Records provided
Definition shift_free k (s : seq T) (y : T -> nat -> S) : Prop :=
  forall v w n, v \in s -> w \in s -> 0 < n -> n <= k -> iter n (@shift1 S) (y v) <> y w.

(* The new value [z] at [v0] only has to avoid finitely many sequences, indexed by
   [(n, (None, _))], [(n, (Some w, true))] and [(n, (Some w, false))]. *)
Lemma perfect_shift_free k s :
  exists y : T -> nat -> S, (forall v, G v (y v)) /\ shift_free k s y.
Proof.
elim: s => [|v0 s [y [Gy yfree]]].
  have /functional_choice [y Gy] := G_nonempty.
  by exists y; split=> // v w n.
pose x0 := y v0.
pose F (i : nat * (option T * bool)) : nat -> S :=
  match i with
  | (n, (None, _)) => periodize n x0
  | (n, (Some w, true)) => prepend n x0 (y w)
  | (n, (Some w, false)) => iter n (@shift1 S) (y w)
  end.
pose r := [seq (n, p) | n <- iota 1 k,
             p <- [seq (o, b) | o <- None :: map Some s, b <- [:: true; false]]].
have r_mem n o b : 0 < n -> n <= k -> o \in None :: map Some s -> (n, (o, b)) \in r.
  move=> n_gt0 le_nk o_in; apply: allpairs_f; first by rewrite mem_iota add1n ltnS n_gt0.
  by apply: allpairs_f => //; case: b; rewrite !inE.
have [z [Gz x0z avoid]] := perfect_avoid r F k (@G_perfect v0) (Gy v0).
exists (fun v => if v == v0 then z else y v); split=> [v | v w n].
  by case: eqP => [-> |].
rewrite !inE => vin win n_gt0 le_nk; have agr := agree_le x0z le_nk.
case: eqP vin => [_ _ | _ /= vin]; case: eqP win => [_ _ | _ /= win].
- move=> /(eq_periodize n_gt0 agr); apply: avoid (n, (None, true)) _.
  exact: r_mem.
- move=> zshift; apply: (avoid (n, (Some w, true))).
    by apply: r_mem; rewrite // inE map_f.
  by rewrite /= -zshift; apply: eq_prepend.
- by apply/nesym/(avoid (n, (Some v, false))); apply: r_mem; rewrite // inE map_f.
- exact: yfree.
Qed.

End ShiftFreeChoice.

Lemma perfectP (S : Type) (G : (nat -> S) -> Prop) :
  perfect G <-> forall x, G x -> forall m, 0 < m ->
    exists y, [/\ G y, agree m x y & exists N, m <= N /\ x N <> y N].
Proof.
split=> [perfG x Gx m _ | split_late x Gx m].
  have [y [Gy xy /nesym/neq_seqP [N neq_N]]] := perfG x Gx m.
  exists y; split=> //; exists N; split=> //; rewrite leqNgt.
  by apply/negP => /xy.
have [y [Gy xy [N [_ neq_N]]]] := split_late x Gx m.+1 isT.
by exists y; split=> [||yx] //; [apply: agree_le xy _ | apply: neq_N; rewrite yx].
Qed.

Section ConditionI.
Variables (S : finType) (L : lgraph_system S).

Lemma condI_perfect : condI L -> forall l (v : V L l), perfect (Gamma_inf v).
Proof.
move=> HI l v x Gx m; elim: m l v x Gx => [|m IH] l v x Gx.
  have [y1 [y2 [G1 G2 neq12]]] := HI l v.
  case: (classic (y1 = x)) => [y1x | ?]; [exists y2 | exists y1] => //.
  by split=> //; congruence.
have [e0 <- [e0x Gtl]] := Gamma_uncons Gx.
have [y [Gy agr neq_yx]] := IH _ _ _ Gtl.
exists (scons (lab e0) y); split; first exact: Gamma_cons.
  by case=> [|j] //= /agr.
by move=> yx; apply: neq_yx; apply: functional_extensionality => j; rewrite -yx.
Qed.

Lemma perfect_condI : (forall l (v : V L l), perfect (Gamma_inf v)) -> condI L.
Proof.
move=> perfG l v; have [x Gx] := Gamma_inf_nonempty v.
by have [y [Gy _ neq_yx]] := perfG l v x Gx 0; exists x, y; split=> // /esym.
Qed.

End ConditionI.

Lemma drop_catl (T : Type) i (s1 s2 : seq T) :
  i <= size s1 -> drop i (s1 ++ s2) = drop i s1 ++ s2.
Proof.
rewrite drop_cat leq_eqVlt => /orP[/eqP-> | ->] //.
by rewrite ltnn subnn drop0 drop_size.
Qed.

(* [U] grows by ever more synchronizing words [F j], so that each tail [chain_word i]
   stays (i + l)-synchronizing and names a vertex of V_(i+l). *)
Section SyncChain.
Variables (S : eqType) (X : zseq S -> Prop) (l : nat) (U F : nat -> seq S).
Hypotheses (U_S : forall j, U j.+1 = U j ++ F j) (F_nonempty : forall j, 0 < size (F j)).
Hypotheses (U_in : forall j, inB X (U j))
  (F_sync : forall j, lsync X (l + size (U j)) (F j)).

Lemma size_chain j : size (U 0) + j <= size (U j).
Proof.
elim: j => [|j IH]; first by rewrite addn0.
by rewrite U_S size_cat; have := F_nonempty j; lia.
Qed.

Lemma prefix_chain j : exists t, U j = U 0 ++ t.
Proof.
elim: j => [|j [t Ut]]; first by exists [::]; rewrite cats0.
by exists (t ++ F j); rewrite U_S Ut catA.
Qed.

Definition chain_word i := drop i (U i.+1).
Definition chain_letter a0 i := nth a0 (U i.+1) i.

Lemma chain_word_sync i : lsync X (i + l) (chain_word i).
Proof.
have le_i : i <= size (U i) by have := size_chain i; lia.
have Ui_in : inB X (drop i (U i) ++ F i).
  by move: (U_in i.+1); rewrite U_S -{1}(cat_take_drop i (U i)) -catA => /inB_catr.
rewrite /chain_word U_S drop_catl //; apply: lsync_catl (F_sync i) Ui_in _.
by rewrite size_drop addnAC subnKC // addnC.
Qed.

Lemma chain_letter_word a0 i :
  chain_letter a0 i :: chain_word i.+1 = chain_word i ++ F i.+1.
Proof.
have lt_i : i < size (U i.+1) by have := size_chain i.+1; lia.
rewrite /chain_word -drop_catl ?(ltnW lt_i) // -U_S (drop_nth a0 (n := i)).
  by rewrite /chain_letter [U i.+2]U_S nth_cat lt_i.
by rewrite U_S size_cat ltn_addr.
Qed.

Lemma chain_letter_word_in a0 i : inB X (chain_letter a0 i :: chain_word i.+1).
Proof.
have le_i : i <= size (U i.+1) by have := size_chain i.+1; lia.
rewrite chain_letter_word /chain_word -drop_catl // -U_S.
by move: (U_in i.+2); rewrite -{1}(cat_take_drop i (U i.+2)) => /inB_catr.
Qed.

Lemma chain_letter0 a0 j : j < size (U 0) -> chain_letter a0 j = nth a0 (U 0) j.
Proof.
move=> lt_j; rewrite /chain_letter.
by have [t ->] := prefix_chain j.+1; rewrite nth_cat lt_j.
Qed.

End SyncChain.

Section NormalSubshift.
Variables (S : eqType) (X : zseq S -> Prop).
Hypothesis X_normal : normal X.

Lemma normal_sync_ext u k : inB X u ->
  exists nu, [/\ 0 < size nu, lsync X k nu & inB X (u ++ nu)].
Proof.
move=> u_in; have [_ _ sync_ext] := X_normal.
have [|nu [nu_sync [unu_in _]]] := sync_ext _ u erefl u_in (maxn k (size u).+1).
  by rewrite leq_max ltnSn orbT.
have [a a1 unua_in] := inB_extr 1 unu_in.
exists (nu ++ a); split; first by rewrite size_cat a1 addn1.
  apply: lsync_le (leq_maxl k (size u).+1); apply: lsync_catr nu_sync _.
  by move: unua_in; rewrite -catA => /inB_catr.
by rewrite catA.
Qed.

Lemma normal_sync_chain l u0 : inB X u0 ->
  exists U F : nat -> seq S, [/\ U 0 = u0, forall j, U j.+1 = U j ++ F j,
    forall j, 0 < size (F j), forall j, inB X (U j)
  & forall j, lsync X (l + size (U j)) (F j)].
Proof.
move=> u0_in.
have /functional_choice [ext extP] : forall u, exists nu, inB X u ->
    [/\ 0 < size nu, lsync X (l + size u) nu & inB X (u ++ nu)].
  move=> u; case: (classic (inB X u)) => [/(normal_sync_ext (l + size u)) [nu ?] | ?].
    by exists nu.
  by exists [::].
pose fix U j := if j is i.+1 then U i ++ ext (U i) else u0.
have U_in j : inB X (U j) by elim: j => [|j IH] //; case: (extP _ IH).
exists U, (fun j => ext (U j)); split=> // j; by case: (extP _ (U_in j)).
Qed.

End NormalSubshift.

Section MinimalPresentation.
Variables (S : finType) (X : zseq S -> Prop) (L : lgraph_system S).
Variable c : forall l, seq S -> V L l.
Hypothesis c_sim : forall l mu nu, lsync X l mu -> lsync X l nu ->
  (c l mu = c l nu <-> sim_l X l mu nu).
Hypothesis c_edge : forall l alpha nu, lsync X l.+1 nu -> inB X (alpha :: nu) ->
  exists e : E L l, [/\ lab e = alpha, src e = c l (alpha :: nu) & trg e = c l.+1 nu].

Lemma c_catr l mu om : lsync X l mu -> inB X (mu ++ om) -> c l (mu ++ om) = c l mu.
Proof.
move=> mu_sync muom; apply/c_sim => //; first exact: lsync_catr.
by apply: sim_l_sym; case: mu_sync => _; apply.
Qed.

What to work on
Out of the material above, select every line that holds the string "case".

Written answer
  by apply: allpairs_f => //; case: b; rewrite !inE.
  by case: eqP => [-> |].
case: eqP vin => [_ _ | _ /= vin]; case: eqP win => [_ _ | _ /= win].
  case: (classic (y1 = x)) => [y1x | ?]; [exists y2 | exists y1] => //.
  by case=> [|j] //= /agr.
  move=> u; case: (classic (inB X u)) => [/(normal_sync_ext (l + size u)) [nu ?] | ?].
have U_in j : inB X (U j) by elim: j => [|j IH] //; case: (extP _ IH).
exists U, (fun j => ext (U j)); split=> // j; by case: (extP _ (U_in j)).
by apply: sim_l_sym; case: mu_sync => _; apply.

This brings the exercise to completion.